To do: The answer must be one number: the count of lines in the data below that include "mulrC".

--------------------

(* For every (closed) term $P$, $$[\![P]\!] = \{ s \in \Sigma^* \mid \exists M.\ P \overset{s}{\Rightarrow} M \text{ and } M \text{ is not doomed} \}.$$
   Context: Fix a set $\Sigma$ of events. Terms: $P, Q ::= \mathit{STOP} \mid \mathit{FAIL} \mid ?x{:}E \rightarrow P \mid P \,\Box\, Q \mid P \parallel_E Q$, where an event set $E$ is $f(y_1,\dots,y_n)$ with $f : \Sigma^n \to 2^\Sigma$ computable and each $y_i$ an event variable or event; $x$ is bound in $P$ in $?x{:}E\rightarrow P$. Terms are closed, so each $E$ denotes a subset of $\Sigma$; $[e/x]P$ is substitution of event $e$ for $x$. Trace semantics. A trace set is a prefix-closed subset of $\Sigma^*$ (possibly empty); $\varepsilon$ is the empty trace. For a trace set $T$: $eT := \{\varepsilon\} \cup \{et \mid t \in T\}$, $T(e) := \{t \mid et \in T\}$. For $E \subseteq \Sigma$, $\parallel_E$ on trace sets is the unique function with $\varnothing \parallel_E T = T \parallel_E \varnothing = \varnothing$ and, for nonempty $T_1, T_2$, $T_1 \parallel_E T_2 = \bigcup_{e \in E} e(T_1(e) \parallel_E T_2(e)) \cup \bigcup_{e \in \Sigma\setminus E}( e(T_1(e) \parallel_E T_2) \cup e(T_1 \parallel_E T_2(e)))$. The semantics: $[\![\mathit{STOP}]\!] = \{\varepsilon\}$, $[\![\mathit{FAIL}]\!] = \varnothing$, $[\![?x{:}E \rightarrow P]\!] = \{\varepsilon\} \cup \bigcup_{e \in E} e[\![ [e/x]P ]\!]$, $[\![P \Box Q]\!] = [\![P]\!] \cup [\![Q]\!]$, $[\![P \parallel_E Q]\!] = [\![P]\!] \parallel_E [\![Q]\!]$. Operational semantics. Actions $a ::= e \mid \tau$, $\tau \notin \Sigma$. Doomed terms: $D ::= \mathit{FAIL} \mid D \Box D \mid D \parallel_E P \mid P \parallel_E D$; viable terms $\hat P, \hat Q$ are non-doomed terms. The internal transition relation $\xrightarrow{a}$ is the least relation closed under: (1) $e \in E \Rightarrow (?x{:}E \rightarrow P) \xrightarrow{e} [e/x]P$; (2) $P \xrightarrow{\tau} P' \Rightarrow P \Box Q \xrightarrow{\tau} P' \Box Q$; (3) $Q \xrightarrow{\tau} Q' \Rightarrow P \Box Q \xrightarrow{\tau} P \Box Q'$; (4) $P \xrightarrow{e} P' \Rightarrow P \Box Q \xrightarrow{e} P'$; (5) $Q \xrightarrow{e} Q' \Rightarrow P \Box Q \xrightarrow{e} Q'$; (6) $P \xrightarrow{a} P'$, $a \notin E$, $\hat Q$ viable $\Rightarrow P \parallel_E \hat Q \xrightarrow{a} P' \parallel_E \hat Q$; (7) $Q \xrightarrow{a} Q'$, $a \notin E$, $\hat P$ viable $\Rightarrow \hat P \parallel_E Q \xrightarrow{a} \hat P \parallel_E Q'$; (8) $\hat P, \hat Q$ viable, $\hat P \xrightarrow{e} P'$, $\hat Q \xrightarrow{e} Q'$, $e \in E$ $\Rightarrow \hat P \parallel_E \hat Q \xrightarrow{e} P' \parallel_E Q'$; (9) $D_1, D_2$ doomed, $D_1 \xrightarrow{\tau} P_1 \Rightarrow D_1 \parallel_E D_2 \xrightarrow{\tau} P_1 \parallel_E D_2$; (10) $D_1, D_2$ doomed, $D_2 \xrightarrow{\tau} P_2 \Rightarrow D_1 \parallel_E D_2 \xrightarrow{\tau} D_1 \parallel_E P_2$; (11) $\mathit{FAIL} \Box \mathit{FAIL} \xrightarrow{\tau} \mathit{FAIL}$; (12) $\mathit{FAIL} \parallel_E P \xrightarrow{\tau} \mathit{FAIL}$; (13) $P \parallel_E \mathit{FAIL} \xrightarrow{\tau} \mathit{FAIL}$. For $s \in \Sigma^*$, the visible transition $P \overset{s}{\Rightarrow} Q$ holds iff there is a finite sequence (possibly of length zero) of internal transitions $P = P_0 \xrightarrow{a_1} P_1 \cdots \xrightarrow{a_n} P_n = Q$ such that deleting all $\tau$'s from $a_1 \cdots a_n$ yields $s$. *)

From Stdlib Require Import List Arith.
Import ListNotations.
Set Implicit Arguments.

--------------------

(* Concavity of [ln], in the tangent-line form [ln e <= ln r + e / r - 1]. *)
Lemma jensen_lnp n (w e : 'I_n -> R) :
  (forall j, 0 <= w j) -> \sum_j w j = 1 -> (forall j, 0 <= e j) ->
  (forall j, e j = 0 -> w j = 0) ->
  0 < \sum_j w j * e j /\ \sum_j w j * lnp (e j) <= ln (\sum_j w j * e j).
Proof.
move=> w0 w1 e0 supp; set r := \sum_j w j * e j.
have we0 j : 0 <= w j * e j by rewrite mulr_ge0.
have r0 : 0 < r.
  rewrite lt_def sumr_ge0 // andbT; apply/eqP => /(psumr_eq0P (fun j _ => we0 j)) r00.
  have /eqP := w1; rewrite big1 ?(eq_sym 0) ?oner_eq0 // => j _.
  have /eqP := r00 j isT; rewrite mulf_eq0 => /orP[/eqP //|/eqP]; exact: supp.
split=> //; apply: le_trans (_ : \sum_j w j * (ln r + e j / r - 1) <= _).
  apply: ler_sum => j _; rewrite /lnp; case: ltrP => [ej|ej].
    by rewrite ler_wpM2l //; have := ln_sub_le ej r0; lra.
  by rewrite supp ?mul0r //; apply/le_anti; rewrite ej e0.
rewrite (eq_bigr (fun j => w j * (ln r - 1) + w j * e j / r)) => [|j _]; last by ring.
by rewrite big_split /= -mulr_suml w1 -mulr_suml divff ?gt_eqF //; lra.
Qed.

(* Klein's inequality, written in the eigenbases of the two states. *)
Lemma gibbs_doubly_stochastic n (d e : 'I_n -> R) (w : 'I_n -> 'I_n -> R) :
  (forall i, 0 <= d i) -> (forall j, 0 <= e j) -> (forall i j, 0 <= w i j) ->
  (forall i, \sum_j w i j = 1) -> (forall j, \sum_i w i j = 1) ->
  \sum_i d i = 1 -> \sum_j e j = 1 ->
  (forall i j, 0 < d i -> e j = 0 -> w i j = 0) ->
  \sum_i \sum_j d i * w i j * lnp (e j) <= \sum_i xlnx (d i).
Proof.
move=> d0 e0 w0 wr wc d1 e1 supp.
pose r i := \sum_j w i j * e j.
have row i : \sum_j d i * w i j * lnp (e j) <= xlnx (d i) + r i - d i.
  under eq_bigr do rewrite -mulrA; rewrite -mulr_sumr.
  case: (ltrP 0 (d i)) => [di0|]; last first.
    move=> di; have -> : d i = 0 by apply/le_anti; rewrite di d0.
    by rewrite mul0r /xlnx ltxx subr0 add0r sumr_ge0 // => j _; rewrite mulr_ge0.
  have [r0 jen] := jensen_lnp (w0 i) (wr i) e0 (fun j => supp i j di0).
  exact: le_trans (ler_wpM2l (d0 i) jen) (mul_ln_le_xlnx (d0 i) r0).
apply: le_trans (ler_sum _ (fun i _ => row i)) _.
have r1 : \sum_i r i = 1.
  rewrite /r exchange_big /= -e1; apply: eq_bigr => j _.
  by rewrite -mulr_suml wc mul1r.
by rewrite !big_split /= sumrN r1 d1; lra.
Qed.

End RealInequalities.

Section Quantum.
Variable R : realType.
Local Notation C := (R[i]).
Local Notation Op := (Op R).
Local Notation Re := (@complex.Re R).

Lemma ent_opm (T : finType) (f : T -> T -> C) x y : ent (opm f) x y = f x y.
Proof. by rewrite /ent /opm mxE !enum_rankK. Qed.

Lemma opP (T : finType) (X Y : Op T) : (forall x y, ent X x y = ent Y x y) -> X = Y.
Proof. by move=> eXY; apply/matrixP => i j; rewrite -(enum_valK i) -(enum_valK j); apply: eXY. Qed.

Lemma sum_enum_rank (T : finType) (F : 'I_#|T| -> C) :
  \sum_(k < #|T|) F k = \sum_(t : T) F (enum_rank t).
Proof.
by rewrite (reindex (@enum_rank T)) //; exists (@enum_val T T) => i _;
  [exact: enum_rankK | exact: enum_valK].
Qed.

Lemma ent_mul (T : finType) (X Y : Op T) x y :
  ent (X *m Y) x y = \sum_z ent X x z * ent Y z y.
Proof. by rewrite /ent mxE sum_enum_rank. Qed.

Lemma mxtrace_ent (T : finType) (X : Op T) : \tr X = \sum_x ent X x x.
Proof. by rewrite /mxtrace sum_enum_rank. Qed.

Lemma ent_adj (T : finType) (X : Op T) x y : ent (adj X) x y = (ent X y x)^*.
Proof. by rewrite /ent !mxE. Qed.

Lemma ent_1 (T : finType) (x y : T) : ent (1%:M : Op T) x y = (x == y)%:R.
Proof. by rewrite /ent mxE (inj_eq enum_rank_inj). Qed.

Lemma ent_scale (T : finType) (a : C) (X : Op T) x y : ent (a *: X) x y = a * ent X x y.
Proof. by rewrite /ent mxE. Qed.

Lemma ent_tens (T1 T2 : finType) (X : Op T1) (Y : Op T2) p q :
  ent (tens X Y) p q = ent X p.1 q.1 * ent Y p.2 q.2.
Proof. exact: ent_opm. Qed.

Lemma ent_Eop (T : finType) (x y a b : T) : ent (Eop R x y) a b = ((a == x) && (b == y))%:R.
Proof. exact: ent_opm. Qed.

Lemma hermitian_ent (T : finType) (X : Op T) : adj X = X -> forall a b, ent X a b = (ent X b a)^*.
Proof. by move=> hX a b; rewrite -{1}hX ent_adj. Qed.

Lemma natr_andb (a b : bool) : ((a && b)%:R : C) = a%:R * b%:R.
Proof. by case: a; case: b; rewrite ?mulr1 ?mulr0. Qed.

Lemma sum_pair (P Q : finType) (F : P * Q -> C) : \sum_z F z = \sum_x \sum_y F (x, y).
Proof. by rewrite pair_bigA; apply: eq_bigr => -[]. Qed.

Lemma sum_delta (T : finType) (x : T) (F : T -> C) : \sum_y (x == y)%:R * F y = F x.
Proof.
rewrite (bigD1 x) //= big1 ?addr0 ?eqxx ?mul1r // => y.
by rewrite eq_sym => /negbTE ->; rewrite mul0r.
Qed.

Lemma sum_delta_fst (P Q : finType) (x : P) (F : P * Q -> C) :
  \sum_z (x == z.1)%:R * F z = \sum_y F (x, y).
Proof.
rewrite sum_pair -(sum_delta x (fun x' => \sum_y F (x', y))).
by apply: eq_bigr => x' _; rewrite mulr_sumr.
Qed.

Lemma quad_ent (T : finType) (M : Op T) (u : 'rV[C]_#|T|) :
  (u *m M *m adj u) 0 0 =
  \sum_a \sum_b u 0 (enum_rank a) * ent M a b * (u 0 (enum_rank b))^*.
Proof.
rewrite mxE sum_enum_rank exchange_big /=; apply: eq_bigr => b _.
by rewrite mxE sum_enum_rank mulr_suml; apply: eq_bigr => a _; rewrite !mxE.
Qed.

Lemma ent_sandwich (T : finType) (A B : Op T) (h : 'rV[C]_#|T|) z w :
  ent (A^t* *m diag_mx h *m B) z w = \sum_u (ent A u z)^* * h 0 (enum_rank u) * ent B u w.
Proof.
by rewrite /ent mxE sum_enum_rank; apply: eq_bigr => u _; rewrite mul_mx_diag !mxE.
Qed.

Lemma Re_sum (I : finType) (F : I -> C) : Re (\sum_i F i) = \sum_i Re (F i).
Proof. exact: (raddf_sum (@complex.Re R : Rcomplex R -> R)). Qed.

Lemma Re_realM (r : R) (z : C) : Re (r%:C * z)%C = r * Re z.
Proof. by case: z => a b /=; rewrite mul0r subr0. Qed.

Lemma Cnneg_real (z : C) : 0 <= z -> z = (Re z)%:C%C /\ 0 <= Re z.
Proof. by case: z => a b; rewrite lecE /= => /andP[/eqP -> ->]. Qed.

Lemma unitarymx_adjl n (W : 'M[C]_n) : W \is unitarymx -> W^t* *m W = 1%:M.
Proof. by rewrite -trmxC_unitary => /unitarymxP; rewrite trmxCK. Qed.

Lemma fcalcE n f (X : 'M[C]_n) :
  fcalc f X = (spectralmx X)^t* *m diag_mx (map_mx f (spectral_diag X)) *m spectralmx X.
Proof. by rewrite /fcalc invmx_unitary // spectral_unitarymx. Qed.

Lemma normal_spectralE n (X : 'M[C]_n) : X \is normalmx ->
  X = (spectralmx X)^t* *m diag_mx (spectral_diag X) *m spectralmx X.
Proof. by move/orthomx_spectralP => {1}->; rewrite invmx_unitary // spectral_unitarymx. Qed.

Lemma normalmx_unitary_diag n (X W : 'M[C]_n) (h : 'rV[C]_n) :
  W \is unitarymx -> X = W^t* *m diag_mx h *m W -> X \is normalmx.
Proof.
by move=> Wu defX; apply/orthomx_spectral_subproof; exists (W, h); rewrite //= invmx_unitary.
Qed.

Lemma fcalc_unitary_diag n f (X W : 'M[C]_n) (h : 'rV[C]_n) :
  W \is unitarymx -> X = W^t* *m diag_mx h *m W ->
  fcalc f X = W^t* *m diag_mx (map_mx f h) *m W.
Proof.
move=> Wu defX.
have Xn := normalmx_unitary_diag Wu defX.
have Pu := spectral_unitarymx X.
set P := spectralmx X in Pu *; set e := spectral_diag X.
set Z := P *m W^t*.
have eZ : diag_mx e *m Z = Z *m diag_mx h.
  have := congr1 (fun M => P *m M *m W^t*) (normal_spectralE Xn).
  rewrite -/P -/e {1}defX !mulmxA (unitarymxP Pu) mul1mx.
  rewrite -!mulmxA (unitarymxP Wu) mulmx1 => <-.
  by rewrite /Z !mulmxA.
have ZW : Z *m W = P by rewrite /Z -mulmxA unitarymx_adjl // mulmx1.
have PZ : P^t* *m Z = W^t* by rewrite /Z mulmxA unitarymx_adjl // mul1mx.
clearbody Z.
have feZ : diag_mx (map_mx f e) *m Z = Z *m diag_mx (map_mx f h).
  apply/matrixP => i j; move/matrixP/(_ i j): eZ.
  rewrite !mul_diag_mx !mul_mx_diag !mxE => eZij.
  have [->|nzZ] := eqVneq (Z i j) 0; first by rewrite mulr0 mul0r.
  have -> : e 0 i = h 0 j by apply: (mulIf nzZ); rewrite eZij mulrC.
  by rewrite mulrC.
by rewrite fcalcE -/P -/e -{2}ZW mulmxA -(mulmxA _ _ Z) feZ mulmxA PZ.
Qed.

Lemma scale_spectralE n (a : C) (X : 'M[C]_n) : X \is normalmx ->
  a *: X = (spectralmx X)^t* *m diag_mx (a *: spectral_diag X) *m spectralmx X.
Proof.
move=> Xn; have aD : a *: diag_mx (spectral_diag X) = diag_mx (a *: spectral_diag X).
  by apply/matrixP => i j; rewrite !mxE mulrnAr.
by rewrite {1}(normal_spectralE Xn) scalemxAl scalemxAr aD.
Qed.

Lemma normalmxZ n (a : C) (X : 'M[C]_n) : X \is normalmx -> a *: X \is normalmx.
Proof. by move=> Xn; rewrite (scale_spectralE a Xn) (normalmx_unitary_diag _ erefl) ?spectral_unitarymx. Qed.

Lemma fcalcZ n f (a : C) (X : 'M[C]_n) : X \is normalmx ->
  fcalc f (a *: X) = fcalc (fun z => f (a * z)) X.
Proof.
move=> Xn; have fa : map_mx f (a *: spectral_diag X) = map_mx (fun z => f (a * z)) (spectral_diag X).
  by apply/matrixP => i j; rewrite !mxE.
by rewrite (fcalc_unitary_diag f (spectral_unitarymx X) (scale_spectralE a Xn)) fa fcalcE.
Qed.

--------------------

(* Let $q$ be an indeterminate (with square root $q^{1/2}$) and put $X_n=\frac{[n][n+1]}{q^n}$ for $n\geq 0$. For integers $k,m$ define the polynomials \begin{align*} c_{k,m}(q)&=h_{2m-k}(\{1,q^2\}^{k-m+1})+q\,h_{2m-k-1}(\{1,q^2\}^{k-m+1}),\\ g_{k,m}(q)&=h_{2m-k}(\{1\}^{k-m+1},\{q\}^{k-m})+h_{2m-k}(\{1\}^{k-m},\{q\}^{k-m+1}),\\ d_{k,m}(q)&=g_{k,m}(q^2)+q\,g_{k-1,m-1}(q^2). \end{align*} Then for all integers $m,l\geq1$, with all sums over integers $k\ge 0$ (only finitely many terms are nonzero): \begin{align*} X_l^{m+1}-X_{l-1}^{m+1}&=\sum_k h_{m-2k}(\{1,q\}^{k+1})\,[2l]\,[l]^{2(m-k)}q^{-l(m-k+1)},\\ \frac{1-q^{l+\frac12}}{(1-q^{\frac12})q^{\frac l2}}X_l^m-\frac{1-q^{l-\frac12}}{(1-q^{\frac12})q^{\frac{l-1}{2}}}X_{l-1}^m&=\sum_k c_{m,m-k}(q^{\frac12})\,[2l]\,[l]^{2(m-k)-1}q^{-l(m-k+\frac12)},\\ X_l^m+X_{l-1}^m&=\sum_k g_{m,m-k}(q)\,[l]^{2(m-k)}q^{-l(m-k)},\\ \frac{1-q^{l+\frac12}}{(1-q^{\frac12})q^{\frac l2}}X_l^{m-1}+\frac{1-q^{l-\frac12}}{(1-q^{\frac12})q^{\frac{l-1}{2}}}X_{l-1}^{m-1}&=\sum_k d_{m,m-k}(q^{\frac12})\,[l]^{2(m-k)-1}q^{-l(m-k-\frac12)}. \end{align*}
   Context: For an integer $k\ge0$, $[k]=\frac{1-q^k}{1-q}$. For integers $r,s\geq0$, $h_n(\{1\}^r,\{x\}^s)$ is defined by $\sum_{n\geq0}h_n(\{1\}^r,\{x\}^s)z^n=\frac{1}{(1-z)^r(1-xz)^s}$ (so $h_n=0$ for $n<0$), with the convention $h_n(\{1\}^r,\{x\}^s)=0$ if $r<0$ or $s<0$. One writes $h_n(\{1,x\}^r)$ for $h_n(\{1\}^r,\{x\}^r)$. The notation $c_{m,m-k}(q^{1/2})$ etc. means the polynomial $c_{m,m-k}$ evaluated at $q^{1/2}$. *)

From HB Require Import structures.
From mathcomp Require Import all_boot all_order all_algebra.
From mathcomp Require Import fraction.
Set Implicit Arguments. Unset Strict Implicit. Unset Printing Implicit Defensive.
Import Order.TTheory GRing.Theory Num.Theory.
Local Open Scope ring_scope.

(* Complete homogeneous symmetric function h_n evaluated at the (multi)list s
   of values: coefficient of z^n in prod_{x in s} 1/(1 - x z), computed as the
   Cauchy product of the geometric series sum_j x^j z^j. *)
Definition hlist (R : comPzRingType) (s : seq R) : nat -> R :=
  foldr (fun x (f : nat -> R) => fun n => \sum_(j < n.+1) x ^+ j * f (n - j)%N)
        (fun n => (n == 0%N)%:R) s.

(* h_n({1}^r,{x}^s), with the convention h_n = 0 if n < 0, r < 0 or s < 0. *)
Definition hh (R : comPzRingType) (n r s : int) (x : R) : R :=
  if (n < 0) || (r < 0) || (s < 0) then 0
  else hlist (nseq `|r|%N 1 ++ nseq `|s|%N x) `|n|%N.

--------------------

Result: 2